Apr 16, 2009 - Landmark Win after Secondary Exposure to Asbestos
In a landmark case, Margaret Dawson was awarded $400,000 by the Dust Diseases Tribunal in New South Wales after contracting mesothelioma, which took her life less than a year after her initial diagnosis. Mesothelioma is an incurable cancer caused by exposure to asbestos, and can take twenty to fifty years after the time of exposure to develop. Margaret’s exposure occurred decades earlier when she would wash both her father and her husband’s clothes after they returned home from work. Both men worked for James Hardie, a building materials company that once widely used asbestos in their industrial products.

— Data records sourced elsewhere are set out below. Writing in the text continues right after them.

(* the word formed by the cells (x0, y), y0 < y <= top, read north (most
   significant) to south (least significant); returned least significant first *)
Definition column_word (C : config) (x0 y0 top : Z) : list state :=
  map (fun k : nat => C (x0, y0 + 1 + Z.of_nat k))
      (seq 0 (Z.to_nat (top - y0))).

(* We isolate an invariant [Inv n C] of configurations (n = |alpha|)
   that holds for c_0[alpha] and is preserved by one step F.  Besides
   structural facts (where undefined, half-defined and defined cells can
   occur, and that definedness propagates northwards inside a column), it
   contains the arithmetic heart of the theorem: every cell (x,y), x < 0,
   carrying a sum bit s satisfies
       s = [[ word of column x+1 strictly above row y ]]_3'   (mod 2).
   The local rule creates a half-defined cell (x,y) with sum bit
   s1 + s' + c', where (s1,bot) sits at (x,y+1) and (s',c') at (x+1,y+1);
   as s' + c' is the trit value of (x+1,y+1) and 3 is odd, the parity
   relation is inherited from (x,y+1). *)

From Stdlib Require Import ZArith List Arith Lia ZifyNat ClassicalEpsilon.
Open Scope Z_scope.

Lemma cadd_E x y : cadd (x,y) dirE = (x+1,y).
Proof. unfold cadd, dirE; simpl; f_equal; lia. Qed.

Lemma cadd_W x y : cadd (x,y) dirW = (x-1,y).
Proof. unfold cadd, dirW; simpl; f_equal; lia. Qed.

Lemma cadd_N x y : cadd (x,y) dirN = (x,y+1).
Proof. unfold cadd, dirN; simpl; f_equal; lia. Qed.

Definition sum_bit (st : state) : option bool :=
  match st with Und => None | Half s => Some s | Def s _ => Some s end.

Lemma und_dec st : {st = Und} + {st <> Und}.
Proof. destruct st; [left; reflexivity | right; discriminate | right; discriminate]. Qed.

Lemma defined_not_und st : is_defined st -> st <> Und.
Proof. destruct st; simpl; try contradiction; discriminate. Qed.

Lemma not_und_sum_bit st : st <> Und -> exists s, sum_bit st = Some s.
Proof. destruct st; simpl; eauto. intros H; exfalso; apply H; reflexivity. Qed.

Lemma sum_bit_not_und st s : sum_bit st = Some s -> st <> Und.
Proof. destruct st; simpl; discriminate. Qed.

Definition local_rule (a b c d : state) : state :=
  match a, b with
  | Half s, Def s' c' => Def s (Nat.leb 2 (b2n s + b2n s' + b2n c'))
  | Und, _ =>
      match c, d with
      | Half s, Def s' c' => Half (Nat.odd (b2n s + b2n s' + b2n c'))
      | _, _ => Und
      end
  | st, _ => st
  end.

Lemma F_at C x y : F C (x,y) =
  local_rule (nonlocal C (x,y)) (nonlocal C (x+1,y))
             (nonlocal C (x,y+1)) (nonlocal C (x+1,y+1)).
Proof.
  unfold F, local, local_rule. rewrite !cadd_N, !cadd_E.
  destruct (nonlocal C (x,y)); reflexivity.
Qed.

Asbestos related diseases are more commonly diagnosed in employees who have direct exposure. Employees who work in an environment with repeated exposure to asbestos are at high risk of contacting diseases such as mesothelioma and asbestosis. Recently, however, there have been more cases reported where a person has contracted mesothelioma through secondary exposure.
Secondary exposure can occur in multiple ways. One way is by sharing workspace where others are handling asbestos. Another is by working or being in an area where asbestos is released into the air or soil, for example surrounding areas of factories, shipyards, and building demolitions. A third way, as in the case of Margaret Dawson, is by family members coming into contact with asbestos through a worker’s skin, hair and clothing. In the past, proper hygiene and clean up measures were lacking and many asbestos workers would return home covered in asbestos dust.
Sadly, even when the dangers of asbestos were not widely accepted, safety regulations did exist that required employers to protect workers from hazardous dust, and many cases of mesothelioma due to secondary exposure could have been easily avoided and lives saved.